How long he been in tank?


----------



## balluupnetme (Oct 23, 2006)

BRUNER247 said:


> How long he been in tank?


like 4 weeks


----------



## BRUNER247 (Jun 2, 2010)

Bout 4"-5"?


----------



## JoeDizzleMPLS (Nov 5, 2007)

It's all personal opinion, "Blue Diamond" is just a description of what it looks like, you can call it whatever you want.


----------



## balluupnetme (Oct 23, 2006)

the fact is that I paid for a blue diamond u know I shelled out the extra cash lol



BRUNER247 said:


> Bout 4"-5"?


4.2"


----------



## BRUNER247 (Jun 2, 2010)

IMO it looks like more gold than blue but I think your sub color could be making him lighter colored. If he was over blk or dark sub he could look like a totally different fish. He's nice looking regardless!


----------



## balluupnetme (Oct 23, 2006)

BRUNER247 said:


> IMO it looks like more gold than blue but I think your sub color could be making him lighter colored. If he was over blk or dark sub he could look like a totally different fish. He's nice looking regardless!


Thanks


----------



## JoeDizzleMPLS (Nov 5, 2007)

In any of the fish that I see people referring to as "diamonds" with the sparkle scales, they don't start showing up until the fish gets a bit bigger... maybe around 6" or so.


----------



## balluupnetme (Oct 23, 2006)

thanks for the input guys


----------



## rob51821 (Nov 10, 2009)

i bought a gold diamond a couple months ago but as time went on it lost its gold on the gill plate and anal fin and started looking like a blue diamond. i ended up selling it as a blue diamond and made some extra $. but i also think the color of the gravel makes a difference. when i changed to black sand is when i started noticing the color difference.


----------



## balluupnetme (Oct 23, 2006)

rob51821 said:


> i bought a gold diamond a couple months ago but as time went on it lost its gold on the gill plate and anal fin and started looking like a blue diamond. i ended up selling it as a blue diamond and made some extra $. but i also think the color of the gravel makes a difference. when i changed to black sand is when i started noticing the color difference.

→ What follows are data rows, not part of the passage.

Lemma is_derive_within_Cmod_sqr a b (g : R -> C) t l :
  has_deriv_within a b g t l ->
  is_derive_within a b (fun s => Cmod (g s) ^ 2) t (2 * Cdot (g t) l).
Proof.
  intros H. destruct (is_derive_within_components _ _ _ _ _ H) as [Hre Him].
  apply (is_derive_within_ext a b (fun s => Re (g s) * Re (g s) + Im (g s) * Im (g s))).
  { intros s. rewrite Cmod2_alt. ring. }
  replace (2 * Cdot (g t) l)
    with (Re l * Re (g t) + Re (g t) * Re l + (Im l * Im (g t) + Im (g t) * Im l))
    by (unfold Cdot; ring).
  apply is_derive_within_plus; apply is_derive_within_mult; assumption.
Qed.

Lemma NL_energy_identity a1 b1 m1 f f1 f2 ft :
  (Ci * ft + NL a1 b1 m1 f f1 f2)%C = 0%C ->
  Cdot f ft = - (Cmod f ^ 2 * Ccross f f2 + 2 * b1 * Cdot f f1 * Ccross f f1
                 + Im m1 * (Cmod f ^ 2) ^ 2).
Proof.
  unfold NL, Cdot, Ccross. rewrite !Cmod2_alt.
  destruct f as [p q], f1 as [p1 q1], f2 as [p2 q2], ft as [u v], m1 as [m n].
  unfold Ci, Cmult, Cplus, Cconj, RtoC, Re, Im; simpl. intros H.
  injection H as H1 H2. nra.
Qed.

Lemma NL_energy_bound a1 b1 m1 f f1 f2 ft M :
  (Ci * ft + NL a1 b1 m1 f f1 f2)%C = 0%C ->
  Cmod f <= M -> Cmod f1 <= M -> Cmod f2 <= M ->
  Rabs (2 * Cdot f ft) <=
    2 * (1 + Rabs (Im m1)) * M * Cmod f ^ 3
    + 4 * Rabs b1 * M * Cmod f * Rabs (Ccross f f1).
Proof.
  intros Heq Hf Hf1 Hf2. rewrite (NL_energy_identity _ _ _ _ _ _ _ Heq).
  assert (Hr := Cmod_ge_0 f). set (r := Cmod f) in *.
  assert (Hc := Rabs_pos (Ccross f f1)).
  assert (Hbm := Rabs_pos b1). assert (Hmm := Rabs_pos (Im m1)).
  assert (T1 : Rabs (r ^ 2 * Ccross f f2) <= M * r ^ 3).
  { rewrite Rabs_mult, Rabs_pos_eq by nra.
    assert (H := Rabs_Ccross_le f f2). fold r in H.
    assert (H' : Rabs (Ccross f f2) <= r * M) by (apply (Rle_trans _ _ _ H); nra).
    apply (Rmult_le_compat_l (r ^ 2)) in H'; [nra | nra]. }
  assert (T2 : Rabs (2 * b1 * Cdot f f1 * Ccross f f1)
               <= 2 * Rabs b1 * (r * M) * Rabs (Ccross f f1)).
  { rewrite !Rabs_mult, (Rabs_pos_eq 2) by lra.
    assert (H := Rabs_Cdot_le f f1). fold r in H.
    apply Rmult_le_compat_r; [lra|]. apply Rmult_le_compat_l; nra. }
  assert (T3 : Rabs (Im m1 * (r ^ 2) ^ 2) <= Rabs (Im m1) * M * r ^ 3).
  { rewrite Rabs_mult, (Rabs_pos_eq ((r ^ 2) ^ 2)) by nra.
    rewrite Rmult_assoc. apply Rmult_le_compat_l; [lra|].
    assert (0 <= r ^ 3) by (apply pow_le; lra). nra. }
  rewrite Rabs_mult, Rabs_Ropp, (Rabs_pos_eq 2) by lra.
  assert (T := Rabs_triang (r ^ 2 * Ccross f f2 + 2 * b1 * Cdot f f1 * Ccross f f1)
                           (Im m1 * (r ^ 2) ^ 2)).
  assert (T' := Rabs_triang (r ^ 2 * Ccross f f2) (2 * b1 * Cdot f f1 * Ccross f f1)).
  nra.
Qed.

(** * Estimates for solutions of ( * ) *)

Definition modulus_growth_rate (beta1 : R) (mu1 : C) : R :=
  1 + 2 * Rabs beta1 + Rabs (Im mu1).

Definition prop2p6_constant (beta1 : R) (mu1 : C) : R :=
  3 * modulus_growth_rate beta1 mu1 + 32 * Rabs beta1.

Lemma exp_le_compat a b : a <= b -> exp a <= exp b.
Proof. intros [H | ->]; [left; apply exp_increasing, H | right; reflexivity]. Qed.

Lemma modulus_growth_rate_pos beta1 mu1 : 0 < modulus_growth_rate beta1 mu1.
Proof.
  unfold modulus_growth_rate. generalize (Rabs_pos beta1) (Rabs_pos (Im mu1)). lra.
Qed.

Lemma modulus_growth_rate_le_constant beta1 mu1 :
  3 * modulus_growth_rate beta1 mu1 <= prop2p6_constant beta1 mu1.
Proof. unfold prop2p6_constant. generalize (Rabs_pos beta1). lra. Qed.

Lemma growth_factor_bounds beta1 mu1 M t delta : 0 <= t <= delta ->
  1 <= exp (modulus_growth_rate beta1 mu1 * M ^ 2 * t) /\
  exp (modulus_growth_rate beta1 mu1 * M ^ 2 * t) ^ 3
    <= exp (prop2p6_constant beta1 mu1 * M ^ 2 * delta).
Proof.
  intros Ht.
  assert (Hk := modulus_growth_rate_pos beta1 mu1).
  assert (HC := modulus_growth_rate_le_constant beta1 mu1).
  set (k := modulus_growth_rate beta1 mu1) in *.
  assert (HMt : 0 <= M ^ 2 * t) by (apply Rmult_le_pos; [apply pow2_ge_0 | lra]).
  assert (HMd : M ^ 2 * t <= M ^ 2 * delta)
    by (apply Rmult_le_compat_l; [apply pow2_ge_0 | lra]).
  split.
  - rewrite <- exp_0 at 1. apply exp_le_compat. nra.
  - replace (exp (k * M ^ 2 * t) ^ 3) with (exp (3 * k * M ^ 2 * t)).
    + apply exp_le_compat. nra.
    + replace (3 * k * M ^ 2 * t) with (k * M ^ 2 * t + (k * M ^ 2 * t + k * M ^ 2 * t))
        by ring.
      rewrite !exp_plus. ring.
Qed.

Lemma prop2p6_constant_dominates beta1 mu1 u : 0 <= u ->
  2 * (1 + Rabs (Im mu1)) + 32 * Rabs beta1 * u ^ 2
    <= prop2p6_constant beta1 mu1 * (1 + u) ^ 3.
Proof.
  intros Hu. assert (1 <= (1 + u) ^ 3) by nra. assert (u ^ 2 <= (1 + u) ^ 3) by nra.
  generalize (Rabs_pos beta1) (Rabs_pos (Im mu1)).
  unfold prop2p6_constant, modulus_growth_rate. nra.
Qed.

Section Solution.

Variables (alpha1 beta1 : R) (mu1 : C) (x1 delta M : R) (f f1 f2 ft : R -> R -> C).

Hypothesis x1_pos : 0 < x1.
Hypothesis delta_ge0 : 0 <= delta.
Hypothesis f_deriv_x : forall t x, 0 <= t <= delta -> -x1 <= x <= x1 ->
  has_deriv_within (-x1) x1 (f t) x (f1 t x) /\
  has_deriv_within (-x1) x1 (f1 t) x (f2 t x).
Hypothesis f_bound : forall t x, 0 <= t <= delta -> -x1 <= x <= x1 ->
  Cmod (f t x) <= M /\ Cmod (f1 t x) <= M /\ Cmod (f2 t x) <= M.
Hypothesis f_solves : forall t x, 0 <= t <= delta -> -x1 <= x <= x1 ->
  has_deriv_within 0 delta (fun s => f s x) t (ft t x) /\
  (Ci * ft t x + NL alpha1 beta1 mu1 (f t x) (f1 t x) (f2 t x))%C = 0%C.
Hypothesis f_zero : f 0 0 = 0%C.

Lemma bound_nonneg : 0 <= M.
Proof.
  destruct (f_bound 0 0) as [H _]; try lra.
  exact (Rle_trans _ _ _ (Cmod_ge_0 _) H).
Qed.

Lemma Cmod_sqr_time_derivative_bound t x : 0 <= t <= delta -> -x1 <= x <= x1 ->
  Rabs (2 * Cdot (f t x) (ft t x)) <=
    2 * (1 + Rabs (Im mu1)) * M * Cmod (f t x) ^ 3
    + 4 * Rabs beta1 * M * Cmod (f t x) * Rabs (Ccross (f t x) (f1 t x)).
Proof.
  intros Ht Hx. destruct (f_bound t x Ht Hx) as [B0 [B1 B2]].
  exact (NL_energy_bound _ _ _ _ _ _ _ _ (proj2 (f_solves t x Ht Hx)) B0 B1 B2).
Qed.

Lemma Cmod_sqr_time_derivative_le t x : 0 <= t <= delta -> -x1 <= x <= x1 ->
  2 * Cdot (f t x) (ft t x)
    <= 2 * modulus_growth_rate beta1 mu1 * M ^ 2 * Cmod (f t x) ^ 2.
Proof.
  intros Ht Hx.
  assert (Hl := Cmod_sqr_time_derivative_bound t x Ht Hx).
  destruct (f_bound t x Ht Hx) as [B0 [B1 _]].
  assert (Hr := Cmod_ge_0 (f t x)). set (r := Cmod (f t x)) in *.
  assert (HM := bound_nonneg).
  assert (Hb := Rabs_pos beta1). assert (Hm := Rabs_pos (Im mu1)).
  assert (Hc : Rabs (Ccross (f t x) (f1 t x)) <= r * M)
    by (apply (Rle_trans _ _ _ (Rabs_Ccross_le _ _)); fold r; nra).
  assert (Hr3 : 2 * (1 + Rabs (Im mu1)) * M * r ^ 3
                <= 2 * (1 + Rabs (Im mu1)) * M ^ 2 * r ^ 2).
  { assert (0 <= (1 + Rabs (Im mu1)) * M * r ^ 2)
      by (repeat apply Rmult_le_pos; nra).
    nra. }
  assert (Hrc : 4 * Rabs beta1 * M * r * Rabs (Ccross (f t x) (f1 t x))
                <= 4 * Rabs beta1 * M ^ 2 * r ^ 2).
  { assert (0 <= Rabs beta1 * M * r) by (repeat apply Rmult_le_pos; nra).
    nra. }
  generalize (Rle_abs (2 * Cdot (f t x) (ft t x))).
  unfold modulus_growth_rate. nra.
Qed.

Lemma Cmod_growth t x : 0 <= t <= delta -> -x1 <= x <= x1 ->
  Cmod (f t x) <= Cmod (f 0 x) * exp (modulus_growth_rate beta1 mu1 * M ^ 2 * t).
Proof.
  intros Ht Hx.
  set (k := modulus_growth_rate beta1 mu1).
  assert (Hsqr : Cmod (f t x) ^ 2 <= Cmod (f 0 x) ^ 2 * exp (2 * k * M ^ 2 * t)).
  { apply (gronwall_exp delta (fun s => Cmod (f s x) ^ 2)
             (fun s => 2 * Cdot (f s x) (ft s x))); auto.
    - intros s Hs. apply (is_derive_within_Cmod_sqr 0 delta (fun s => f s x)), f_solves; auto.
    - intros s Hs. apply Cmod_sqr_time_derivative_le; auto. }
  assert (Hexp : exp (2 * k * M ^ 2 * t) = exp (k * M ^ 2 * t) ^ 2).
  { replace (2 * k * M ^ 2 * t) with (k * M ^ 2 * t + k * M ^ 2 * t) by ring.
    rewrite exp_plus. ring. }
  rewrite Hexp, <- Rpow_mult_distr in Hsqr.
  rewrite <- (Rabs_pos_eq (Cmod (f t x))) by apply Cmod_ge_0.
  apply Rabs_le_of_sqr_le; [|exact Hsqr].
  apply Rmult_le_pos; [apply Cmod_ge_0 | apply Rlt_le, exp_pos].
Qed.

Lemma f_zero_persists t : 0 <= t <= delta -> f t 0 = 0%C.
Proof.
  intros Ht. apply Cmod_eq_0.
  assert (H := Cmod_growth t 0 Ht ltac:(lra)).
  rewrite f_zero, Cmod_0, Rmult_0_l in H.
  generalize (Cmod_ge_0 (f t 0)). lra.
Qed.

Lemma f_components_deriv_x t y : 0 <= t <= delta -> -x1 <= y <= x1 ->
  (is_derive_within (-x1) x1 (fun y => Re (f t y)) y (Re (f1 t y)) /\
   is_derive_within (-x1) x1 (fun y => Re (f1 t y)) y (Re (f2 t y))) /\
  (is_derive_within (-x1) x1 (fun y => Im (f t y)) y (Im (f1 t y)) /\
   is_derive_within (-x1) x1 (fun y => Im (f1 t y)) y (Im (f2 t y))).
Proof.
  intros Ht Hy. destruct (f_deriv_x t y Ht Hy) as [D1 D2].
  destruct (is_derive_within_components _ _ _ _ _ D1).
  destruct (is_derive_within_components _ _ _ _ _ D2).
  tauto.
Qed.

Lemma Ccross_bound_near_zero t x : 0 <= t <= delta -> -x1 <= x <= x1 ->
  Rabs (Ccross (f t x) (f1 t x)) <= 2 * M ^ 2 * x ^ 2.
Proof.
  intros Ht Hx.
  assert (Hf0 := f_zero_persists t Ht).
  assert (HRe : Rabs (Re (f t x) - Re (f t 0) - (x - 0) * Re (f1 t x)) <= M * (x - 0) ^ 2).
  { apply (Taylor_first_order_remainder (-x1) x1 (fun y => Re (f t y))
             (fun y => Re (f1 t y)) (fun y => Re (f2 t y))); try lra.
    - intros y Hy. apply (f_components_deriv_x t y Ht Hy).
    - intros y Hy. eapply Rle_trans; [apply Rabs_Re_le_Cmod | apply (f_bound t y Ht Hy)]. }
  assert (HIm : Rabs (Im (f t x) - Im (f t 0) - (x - 0) * Im (f1 t x)) <= M * (x - 0) ^ 2).
  { apply (Taylor_first_order_remainder (-x1) x1 (fun y => Im (f t y))
             (fun y => Im (f1 t y)) (fun y => Im (f2 t y))); try lra.
    - intros y Hy. apply (f_components_deriv_x t y Ht Hy).
    - intros y Hy. eapply Rle_trans; [apply Rabs_Im_le_Cmod | apply (f_bound t y Ht Hy)]. }
  rewrite Hf0, Rminus_0_r in HRe, HIm. simpl in HRe, HIm. rewrite Rminus_0_r in HRe, HIm.
  destruct (f_bound t x Ht Hx) as [_ [B1 _]].
  assert (HRe1 := Rle_trans _ _ _ (Rabs_Re_le_Cmod (f1 t x)) B1).
  assert (HIm1 := Rle_trans _ _ _ (Rabs_Im_le_Cmod (f1 t x)) B1).
  replace (Ccross (f t x) (f1 t x)) with
    ((Re (f t x) - x * Re (f1 t x)) * Im (f1 t x)
     - (Im (f t x) - x * Im (f1 t x)) * Re (f1 t x)) by (unfold Ccross; ring).
  eapply Rle_trans; [apply Rabs_triang|]. rewrite Rabs_Ropp, !Rabs_mult.
  assert (0 <= M * x ^ 2) by (apply Rmult_le_pos; [apply bound_nonneg | apply pow2_ge_0]).
  generalize (Rabs_pos (Re (f t x) - x * Re (f1 t x))) (Rabs_pos (Im (f t x) - x * Im (f1 t x)))
    (Rabs_pos (Re (f1 t x))) (Rabs_pos (Im (f1 t x))).
  intros. nra.
Qed.

Section Nondegenerate_zero.

Variable S : R.
Hypothesis f2_initial_bound : forall y, -x1 <= y <= x1 -> Cmod (f2 0 y) <= S.
Hypothesis f2_initial_small : S * x1 < Re (f1 0 0) / 2.

Lemma initial_slope_pos : 0 < Re (f1 0 0).
Proof.
  assert (0 <= S) by (eapply Rle_trans; [apply Cmod_ge_0 | apply (f2_initial_bound 0); lra]).
  assert (0 <= S * x1) by (apply Rmult_le_pos; lra). lra.
Qed.

Lemma Cmod_initial_lower_bound x : -x1 <= x <= x1 ->
  Re (f1 0 0) * Rabs x / 2 <= Cmod (f 0 x).
Proof.
  intros Hx. eapply Rle_trans; [| apply Rabs_Re_le_Cmod].
  apply (lower_bound_near_simple_zero x1 (fun y => Re (f 0 y)) (fun y => Re (f1 0 y))
           (fun y => Re (f2 0 y)) S); auto.
  - intros y Hy. apply (f_components_deriv_x 0 y ltac:(lra) Hy).
  - intros y Hy. eapply Rle_trans; [apply Rabs_Re_le_Cmod | auto].
  - simpl. rewrite f_zero. reflexivity.
Qed.

Lemma Ccross_bound_by_initial_modulus t x : 0 <= t <= delta -> -x1 <= x <= x1 ->
  Rabs (Ccross (f t x) (f1 t x)) <= 8 * (/ Re (f1 0 0) * M) ^ 2 * Cmod (f 0 x) ^ 2.
Proof.
  intros Ht Hx.
  set (a := Re (f1 0 0)) in *. set (u := / a * M).
  assert (Ha := initial_slope_pos). fold a in Ha.
  assert (Hlow := Cmod_initial_lower_bound x Hx). fold a in Hlow.
  assert (Hax : a ^ 2 * x ^ 2 <= 4 * Cmod (f 0 x) ^ 2).
  { rewrite <- (pow2_abs x), <- Rpow_mult_distr.
    replace (4 * Cmod (f 0 x) ^ 2) with ((2 * Cmod (f 0 x)) ^ 2) by ring.
    apply pow_incr. split; [apply Rmult_le_pos; [lra | apply Rabs_pos] | lra]. }
  eapply Rle_trans; [apply (Ccross_bound_near_zero t x Ht Hx)|].
  replace (2 * M ^ 2 * x ^ 2) with (2 * u ^ 2 * (a ^ 2 * x ^ 2)) by (unfold u; field; lra).
  generalize (pow2_ge_0 u). nra.
Qed.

Yea...it must be from my sand that he's pale, regardless I love the fish


----------



## Sylar_92 (Dec 15, 2010)

balluupnetme said:


> i bought a gold diamond a couple months ago but as time went on it lost its gold on the gill plate and anal fin and started looking like a blue diamond. i ended up selling it as a blue diamond and made some extra $. but i also think the color of the gravel makes a difference. when i changed to black sand is when i started noticing the color difference.


Yea...it must be from my sand that he's pale, regardless I love the fish
[/quote]
how long do you think it will take for the fish to adjust it's colour in a darker substrate?


----------